Klagen gegen rote Gebiete können erfolgreich sein
Gegen eine bestimmte Ausweisung roter Gebiete zu klagen, kann erfolgreich sein. Das hat man etwa in Brandenburg gesehen, wo ein Gericht die dortigen Gebietsausweisung gekippt hat. Der Spielraum für Klagen bleibt, weil auch die neuen Regeln zur Ausweisung roter Gebiete auf ein Messstellennetz aufbauen, das hinten und vorne nicht reicht. Zwar steht im Text der neuen Verwaltungsvorschrift, dass die Länder die Sache bis Ende 2024 in Ordnung bringen sollen. Aber das in die Praxis umzusetzen, wird äußerst schwierig.
Welche Probleme gibt es bei der Erweiterung des Messstellennetzes?
Woher kommen die Flächen für neue Messpunkte? Wer stellt sicher, dass die Behörden vor Ort die technische Ausrichtung zur Einrichtung einer Messstelle haben? Das sind nur zwei von vielen offenen Fragen. Selbst wenn das Messnetz irgendwann einmal ausreichend dicht sein sollte: Die neuen Regeln für rote Gebiete lassen den Ländern bis Ende 2028 Spielraum, welche Modellierung der Nitratbelastung sie verwenden. Rechtssicherheit sieht anders aus.
Warum lässt sich die EU-Kommission auf die Neuregelung für rote Gebiete ein?
Überraschend ist, warum sich die EU-Kommission auf den Deal zur Neuabgrenzung der roten Gebiete eingelassen hat. Vollständig umgesetzt werden soll die Neuregelung erst bis Ende 2028. Bislang hieß es seitens des Bundes jedoch immer, dass sofort gehandelt werden müssen, wenn nicht Brüssel Deutschland mit Strafzahlung wegen Nichteinhaltung der EU-Nitratrichtlinie belegen solle. Auf einmal soll die Bundesrepublik über sechs Jahre Zeit zur Umsetzung haben?
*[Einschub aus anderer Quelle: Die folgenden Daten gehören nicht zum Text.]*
(* For $n\ge 0$ let $U_n \equiv \mathbf{B}Y_0\mathbf{S}\cdots\mathbf{S}\mathbf{I}$ with exactly $n$ copies of $\mathbf{S}$ (the Scott sequence). Then $U_n \neq_\beta U_m$ for all $n\neq m$.
   Context: Untyped $\lambda$-calculus modulo $\alpha$; application associates to the left. $\mathbf{I}\equiv\lambda x.x$, $\mathbf{S}\equiv\lambda xyz.\,xz(yz)$, $\mathbf{B}\equiv\lambda xyz.\,x(yz)$, and $Y_0\equiv\lambda f.\,\omega_f\omega_f$ with $\omega_f\equiv\lambda x.\,f(xx)$ (Curry's fixed point combinator). *)

(* untyped lambda calculus with de Bruijn indices
   (this represents terms modulo alpha-conversion). *)
From Stdlib Require Import Arith Relations.

Inductive term : Type :=
| Var : nat -> term
| App : term -> term -> term
| Lam : term -> term.

Fixpoint lift (c : nat) (t : term) : term :=
  match t with
  | Var n => if n <? c then Var n else Var (S n)
  | App a b => App (lift c a) (lift c b)
  | Lam a => Lam (lift (S c) a)
  end.

Fixpoint subst (k : nat) (u : term) (t : term) : term :=
  match t with
  | Var n => if n =? k then u else if k <? n then Var (pred n) else Var n
  | App a b => App (subst k u a) (subst k u b)
  | Lam a => Lam (subst (S k) (lift 0 u) a)
  end.

Inductive beta : term -> term -> Prop :=
| beta_redex : forall a b, beta (App (Lam a) b) (subst 0 b a)
| beta_appl : forall a a' b, beta a a' -> beta (App a b) (App a' b)
| beta_appr : forall a b b', beta b b' -> beta (App a b) (App a b')
| beta_lam : forall a a', beta a a' -> beta (Lam a) (Lam a').

Definition beta_eq : term -> term -> Prop := clos_refl_sym_trans term beta.

Definition I_comb : term := Lam (Var 0).
(* S = \xyz. x z (y z) *)
Definition S_comb : term :=
  Lam (Lam (Lam (App (App (Var 2) (Var 0)) (App (Var 1) (Var 0))))).
(* B = \xyz. x (y z) *)
Definition B_comb : term :=
  Lam (Lam (Lam (App (Var 2) (App (Var 1) (Var 0))))).
(* omega_f = \x. f (x x), with f the variable bound by Y0 *)
Definition omega_f : term := Lam (App (Var 1) (App (Var 0) (Var 0))).
Definition Y0 : term := Lam (App omega_f omega_f).

Fixpoint scott_prefix (n : nat) : term :=
  match n with
  | O => App B_comb Y0
  | S k => App (scott_prefix k) S_comb
  end.

Definition U (n : nat) : term := App (scott_prefix n) I_comb.

(* For n >= 1, U_n reduces to a term that is simply typable once the fixed point
   Y0 (S I) (n = 1), resp. Y0 (S S) (n >= 2), is read as a constant: Y0 (S I) gets the
   type (o -> o) -> o, and Y0 (S S) gets a type of arity n, for each n >= 2, so that the
   n - 2 copies of S and the final I bring it down to (o -> o) -> o. Unfolding the constant
   preserves its type, so typability is invariant under reduction, and by Church-Rosser a
   common reduct of U_n and U_m would be typable with the constant at arity n and at arity
   m. Replacing the constant by a variable x and normalizing, the number of arguments of x
   in the normal form determines the arity, hence n = m. Finally U_0 I reduces to the
   untypable Omega, its only reduct, while U_n I is typable for n >= 1. *)

From Stdlib Require Import Arith Lia List Relations.
Import ListNotations.

(** * De Bruijn substitution *)

Ltac case_index :=
  repeat match goal with
  | |- context [Nat.ltb ?a ?b] => destruct (Nat.ltb_spec a b)
  | |- context [Nat.eqb ?a ?b] => destruct (Nat.eqb_spec a b)
  end.

Lemma lift_lift t c d : c <= d -> lift c (lift d t) = lift (S d) (lift c t).
Proof.
  revert c d; induction t; intros c d H; simpl.
  - case_index; cbn [lift subst]; case_index; try reflexivity; lia.
  - f_equal; auto.
  - f_equal; apply IHt; lia.
Qed.

Lemma subst_lift t c u : subst c u (lift c t) = t.
Proof.
  revert c u; induction t; intros c u; simpl.
  - case_index; cbn [lift subst]; case_index; try reflexivity; lia.
  - f_equal; auto.
  - f_equal; auto.
Qed.

Lemma lift_subst_le t c d u : c <= d ->
  lift c (subst d u t) = subst (S d) (lift c u) (lift c t).
Proof.
  revert c d u; induction t; intros c d u H; simpl.
  - case_index; cbn [lift subst]; case_index; try reflexivity; try lia; f_equal; lia.
  - f_equal; auto.
  - f_equal. rewrite IHt by lia. f_equal. symmetry; apply lift_lift; lia.
Qed.

Lemma lift_subst_ge t c d u : d <= c ->
  lift c (subst d u t) = subst d (lift c u) (lift (S c) t).
Proof.
  revert c d u; induction t; intros c d u H; simpl.
  - case_index; cbn [lift subst]; case_index; try reflexivity; try lia; f_equal; lia.
  - f_equal; auto.
  - f_equal. rewrite IHt by lia. f_equal. symmetry; apply lift_lift; lia.
Qed.
Lemma wlow_eq c : W !=set0 -> (forall w, W w -> w = c) -> wlow Fm ob true = c.
Proof. by move=> W_neq0 eq_c; rewrite wlowE // (Wset_true_eq_set1 W_neq0 eq_c) inf1. Qed.

Lemma wup_le ub : 0 <= ub -> (forall w, W w -> w <= ub) -> wup Fm ob true <= ub.
Proof.
move=> ub_ge0 Wub; rewrite /wup; case: asboolP => // W_neq0.
by apply: ge_sup => //; apply/set0P/eqP.
Qed.

Lemma wup_eq0 : (forall w, W w -> w = 0) -> wup Fm ob true = 0.
Proof.
move=> eq_0; rewrite /wup; case: asboolP => // /eqP/set0P W_neq0.
by rewrite (Wset_true_eq_set1 W_neq0 eq_0) sup1.
Qed.

Section Margins.
Variables A B : R.
Hypotheses (A_ge0 : 0 <= A) (B_ge0 : 0 <= B) (Fm_favours : favours Fm ob A B).

Lemma favours_Wset_true w : W w ->
  exists x y, [/\ A <= x, 0 <= y <= B, x + y != 0 & w = x / (x + y)].
Proof.
case: Fm_favours => FmA FmB /Wset_true_inv [f [y [Ff yF y0 xy_neq0 ->]]].
exists (f ob), y; split=> //; first exact: FmA.
have [/yF [g Fg ->]|/y0 ->] := pselect (Fm false !=set0); first exact: FmB.
by rewrite lexx.
Qed.

Hypotheses (Fm_pos : exists h f, Fm h f /\ 0 < f ob) (Ftrue : Fm true !=set0).

Lemma favours_Wset_neq0 : W !=set0.
Proof.
apply: Wset_true_neq0 => //; case: Fm_favours => FmA FmB.
by case=> f Ff; [exact: le_trans A_ge0 (FmA f Ff) | case/andP: (FmB f Ff)].
Qed.

Lemma wlow_ge_margin : 0 < A + B -> A / (A + B) <= wlow Fm ob true.
Proof.
move=> AB_gt0; apply: wlow_ge; first exact: favours_Wset_neq0.
move=> w /favours_Wset_true [x [y [Ax yB xy_neq0 ->]]].
exact: ratio_ge_margin.
Qed.

Lemma wlow_eq1 : B = 0 -> wlow Fm ob true = 1.
Proof.
move=> B0; apply: wlow_eq; first exact: favours_Wset_neq0.
move=> w /favours_Wset_true [x [y [Ax yB xy_neq0 ->]]].
have y0 : y = 0 by move: yB; rewrite B0; lra.
by rewrite y0 addr0 in xy_neq0 *; exact: divff.
Qed.

End Margins.

Section MarginsC.
Variables A B : R.
Hypotheses (A_ge0 : 0 <= A) (B_ge0 : 0 <= B).
Hypotheses (Fm_favoursC : favours (Fm \o negb) ob A B) (Ffalse : Fm false !=set0).

Lemma favoursC_Wset_true w : W w ->
  exists x y, [/\ A <= x, 0 <= y <= B, y + x != 0 & w = y / (y + x)].
Proof.
case: Fm_favoursC => FmA FmB.
move=> /Wset_true_inv [f [y [Ff /(_ Ffalse) [g Fg ->] _ yx_neq0 ->]]].
by exists (g ob), (f ob); split=> //; [exact: FmA | exact: FmB].
Qed.

Lemma wup_le_margin : 0 < A + B -> wup Fm ob true <= B / (A + B).
Proof.
move=> AB_gt0; apply: wup_le; first by apply: divr_ge0 => //; lra.
move=> w /favoursC_Wset_true [x [y [Ax yB yx_neq0 ->]]].
exact: ratio_le_margin.
Qed.

Lemma wup_eq0_margin : B = 0 -> wup Fm ob true = 0.
Proof.
move=> B0; apply: wup_eq0 => w /favoursC_Wset_true [x [y [Ax yB yx_neq0 ->]]].
have y0 : y = 0 by move: yB; rewrite B0; lra.
by rewrite y0 mul0r.
Qed.

End MarginsC.
End EvidenceWeights.

Lemma add_gt0_of_pair_neq0 (R : realType) (x y : R) :
  0 <= x -> 0 <= y -> (x, y) <> (0, 0) -> 0 < x + y.
Proof.
move=> x_ge0 y_ge0 xy_neq0; rewrite lt_def addr_ge0 // andbT.
by apply/eqP => xy0; apply: xy_neq0; congr pair; lra.
Qed.

Section Structure.
Variables (R : realType) (n : nat) (P C Lst : Type) (d : measure_display)
  (V : measurableType d) (N : pak_structure R n P C Lst V) (i : 'I_n).

Local Notation Ad_at psi s v := (Ad N i psi (L N i s) s (vcomp N v i)).

Lemma derandomizers_neq0 : [set: V] !=set0.
Proof.
apply/set0P/negP => /eqP V0; have := probability_setT (nu N).
by rewrite V0 measure0 => /eqP; rewrite eqe eq_sym oner_eq0.
Qed.

Lemma sat_xfree f s v v' : xfree f -> sat N s v f <-> sat N s v' f.
Proof.
elim: f s => [p|g IH|g IHg h IHh|g IHg h IHh|j g _|j g _|g _ a] //= s.
- by move=> /IH IHs; split=> ng /(IHs s); exact: ng.
- by case/andP=> /IHg IHgs /IHh IHhs; split=> -[/IHgs ? /IHhs ?].
- by case/andP=> /IHg IHgs /IHh IHhs; split=> gh /IHgs /gh /IHhs.
Qed.
Lemma consistent_splice_at j d d' g :
  (forall x, freeV phi x -> count_class (left_countV j d x) = count_class (left_countV j d' x)) ->
  (forall x, freeE phi x -> count_class (left_countE j d x) = count_class (left_countE j d' x)) ->
  consistent phi (splice_at j d g) -> consistent phi (splice_at j d' g).
Proof.
move=> hV hE [h1 h2]; split => x fx.
  move: (h1 x fx) (card_splice (earlyV src dst bags j) (fun v => d' (dObjV E x v))
                                (fun v => g (dObjV E x v))).
  rewrite (card_splice (earlyV src dst bags j) (fun v => d (dObjV E x v))
                       (fun v => g (dObjV E x v))).
  by move=> /(count_class_add1 (hV x fx)) + ->.
move: (h2 x fx) (card_splice (earlyE src dst bags j) (fun e => d' (dObjE V x e))
                              (fun e => g (dObjE V x e))).
rewrite (card_splice (earlyE src dst bags j) (fun e => d (dObjE V x e))
                     (fun e => g (dObjE V x e))).
by move=> /(count_class_add1 (hE x fx)) + ->.
Qed.

Lemma cut_types j : exists (T : finType) (tau : (dvar V E -> bool) -> T),
  #|T| <= type_bound w.+1 phi * 4 ^ m * 4 ^ m /\
  forall d d', tau d = tau d' -> forall g,
    Ffun src dst phi (splice_at j d g) <-> Ffun src dst phi (splice_at j d' g).
Proof.
have [bl br] := boundaries_small v0 bags_decomp bags_width j.
have [T [tau [hT hR]]] := types_bounded_all bl br phi.
have sizeV : size (free_list (freeV phi)) <= m.
  rewrite size_filter; apply: leq_trans (count_free_vertex phi (iota_uniq _ _)).
  exact: leq_addr.
have sizeE : size (free_list (freeE phi)) <= m.
  rewrite size_filter; apply: leq_trans (count_free_edge phi (iota_uniq _ _)).
  exact: leq_addr.
exists _, (fun d => (tau (left_asg j d),
  tabulate m 0 (free_list (freeV phi)) (fun x => count_class (left_countV j d x)),
  tabulate m 0 (free_list (freeE phi)) (fun x => count_class (left_countE j d x)))).
split; first by rewrite !(card_prod, card_ffun, card_bool, card_ord) !leq_mul.
move=> d d' [et /(tabulate_inj sizeV) hV /(tabulate_inj sizeE) hE] g.
have {}hV x : freeV phi x -> count_class (left_countV j d x) = count_class (left_countV j d' x).
  by move=> fx; apply: hV; rewrite mem_fvV.
have {}hE x : freeE phi x -> count_class (left_countE j d x) = count_class (left_countE j d' x).
  by move=> fx; apply: hE; rewrite mem_fvE.
rewrite /Ffun; split => -[c s].
  have c' := consistent_splice_at hV hE c.
  by split => //; rewrite sat_splice_at // -(hR _ _ et) -sat_splice_at.
have c' := consistent_splice_at (fun x fx => esym (hV x fx)) (fun x fx => esym (hE x fx)) c.
by split => //; rewrite sat_splice_at // (hR _ _ et) -sat_splice_at.
Qed.

Lemma mem_flatten_take_dvars j y : Dvars phi y ->
  (y \in flatten (take j [seq dvars_of o | o <- elem_order])) =
  (index (elem_of_dvar y) elem_order < j).
Proof.
move=> hy; rewrite -map_take; apply/flattenP/idP.
  move=> [t /mapP [o oin ->]]; rewrite mem_dvars_of => /andP [/eqP eo _].
  by move: oin; rewrite in_take ?mem_elem_order // eo.
move=> h; exists (dvars_of (elem_of_dvar y)); last by rewrite mem_dvars_of eqxx.
by apply: map_f; rewrite in_take // mem_elem_order.
Qed.

(* A prefix of [var_order] covers the variables of the first [j] elements and part of the
   next one. *)
Lemma prefix_types l :
  exists (T : finType) (tau : (dvar V E -> bool) -> T),
    #|T| <= type_bound w.+1 phi * 4 ^ m * 4 ^ m * 2 ^ m /\
    forall d d', tau d = tau d' -> prefix_equiv (Ffun src dst phi) var_order l d d'.
Proof.
have [j [r ht]] := take_flatten_split (map dvars_of elem_order) l.
set R := take r (nth [::] [seq dvars_of o | o <- elem_order] j).
have sR : size R <= m.
  rewrite size_take; apply: leq_trans (geq_minr _ _) _.
  case: (ltnP j (size elem_order)) => hjo; last by rewrite nth_default // size_map.
  by rewrite (nth_map (inl v0)) //; exact: size_dvars_of.
have [T [tau [hT hc]]] := cut_types j.
exists _, (fun d => (tau d, tabulate m (dObjV E 0 v0) R d)).
split; first by rewrite card_prod card_ffun card_bool card_ord leq_mul.
move=> d d' [et /(tabulate_inj sR) agR] g.
pose g2 y := if y \in R then d y else g y.
have splice_eq d0 : {in R, d0 =1 d} ->
    Ffun src dst phi (splice var_order l d0 g) <-> Ffun src dst phi (splice_at j d0 g2).
  move=> h0; apply: Ffun_eq_on_Dvars => y hy.
  rewrite /splice /splice_at ht mem_cat (mem_flatten_take_dvars _ hy).
  case: (index (elem_of_dvar y) elem_order < j) => //=.
  by rewrite /g2; case: ifP => // yR; rewrite h0.
have agR' : {in R, d' =1 d} by move=> y /agR.
split => [/(splice_eq d (fun _ _ => erefl))/(hc _ _ et g2)/(splice_eq d' agR')|
          /(splice_eq d' agR')/(hc _ _ et g2)/(splice_eq d (fun _ _ => erefl))] //.
Qed.
End DecisionOrder.

Lemma class_count_le_fbound w p n N : 0 < n -> N <= msize p * n ->
  type_bound w.+1 p * 4 ^ msize p * 4 ^ msize p * 2 ^ msize p * N.+1 <=
  fbound (w + msize p) * n.
Proof.
move=> n_gt0 hN; set m := msize p.
have h1 : type_bound w.+1 p <= tower (w + m).+1.
  by apply: leq_trans (type_bound_tower _ _) (leq_tower _); rewrite addnS addnC.
have h2 : 4 ^ m * 4 ^ m * 2 ^ m <= 32 ^ (w + m).
  by rewrite -!expnMn leq_exp2l // leq_addl.
have h3 : N.+1 <= (w + m).+1 * n.
  by rewrite mulSn addnC -addn1 leq_add // (leq_trans hN) // leq_mul2r leq_addl orbT.
suff : type_bound w.+1 p * (4 ^ m * 4 ^ m * 2 ^ m) * N.+1 <= fbound (w + m) * n.
  by rewrite !mulnA.
by apply: leq_trans (leq_mul (leq_mul h1 h2) h3) _; rewrite /fbound mulnA.
Qed.

Theorem mainTheorem2 :
  exists f : nat -> nat, computable f /\
  forall (V E : finType) (src dst : E -> V),
    simple_graph src dst -> 0 < #|V| ->
  forall w : nat, is_pathwidth src dst w ->
  forall phi : mso2,
  exists B : obdd (dvar V E),
    obdd_computes B (Dvars phi) (Ffun src dst phi) /\
    osize B <= f (w + msize phi) * (#|V| + #|E|).
Proof.
exists fbound; split; first exact: computable_fbound.
move=> V E src dst _ V_gt0 w [[bags [hpd hw]] _] phi.
have [v0 _] := card_gt0P V_gt0.
have ds_D x : x \in var_order src dst bags phi -> Dvars phi x by rewrite mem_var_order.
have F_ds d d' : {in var_order src dst bags phi, d =1 d'} ->
    Ffun src dst phi d <-> Ffun src dst phi d'.
  by move=> h; apply: Ffun_eq_on_Dvars => x hx; apply: h; rewrite mem_var_order.
have [B [hB hs]] := obdd_of_prefix_classes (dObjV E 0 v0) (uniq_var_order src dst bags phi)
  ds_D F_ds (prefix_types phi v0 hpd hw).
exists B; split => //; apply: leq_trans hs (class_count_le_fbound _ _ _) => //.
  by rewrite addn_gt0 V_gt0.
exact: size_var_order.
Qed.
Was wäre angesichts von so viel Spielraum noch bei der Düngeverordnung möglich gewesen, wenn die Bundesministerien für Umwelt und Landwirtschaft es gewollt hätten? Vielleicht sogar eine aus fachlicher Sicht sinnvollere Lösung? Denn es klagen Bauern gegen die Ausweisung roter Gebiete auch aus fachlichen Gründen.
Warum die Lage trotz der Neuregelung der roten Gebiete spannend bleibt
Spannend bleibt nun, ob die EU-Kommission das Verfahren gegen Deutschland nun wirklich einstellt oder ob es – quasi als dauerhafte Drohkulisse – nur ausgesetzt wird, bis die Allgemeine Verwaltungsvorschrift zur Ausweisung roter Gebiete zum 31.12.2028 komplett umgesetzt ist. Wenn Brüssel in naher Zukunft wieder einmal Nachforderungen stellen sollte, wären die Bundesminister Steffi Lemke und Cem Özdemir blamiert.
Die Derogationsregel sollte jetzt wieder auf die Agenda
Wenn keine Nachforderungen aus Brüssel kommen, wäre es jetzt an der Zeit, die Derogationsregel - die N-Sonderregel auf Grünland - zur Ausbringung von Wirtschaftsdünger wieder einzuführen. Als diese abgeschafft wurde hieß es, dass eine Neuauflage erst nach der vollständigen Klärung der Düngeverordnung kommen könne. Am 8. Juli ist die Neuregelung der roten Gebiete im Bundesratsplenum. Das wäre ein guter Zeitpunkt, die Derogationsregelung wieder auf das politische Tablett zu bringen.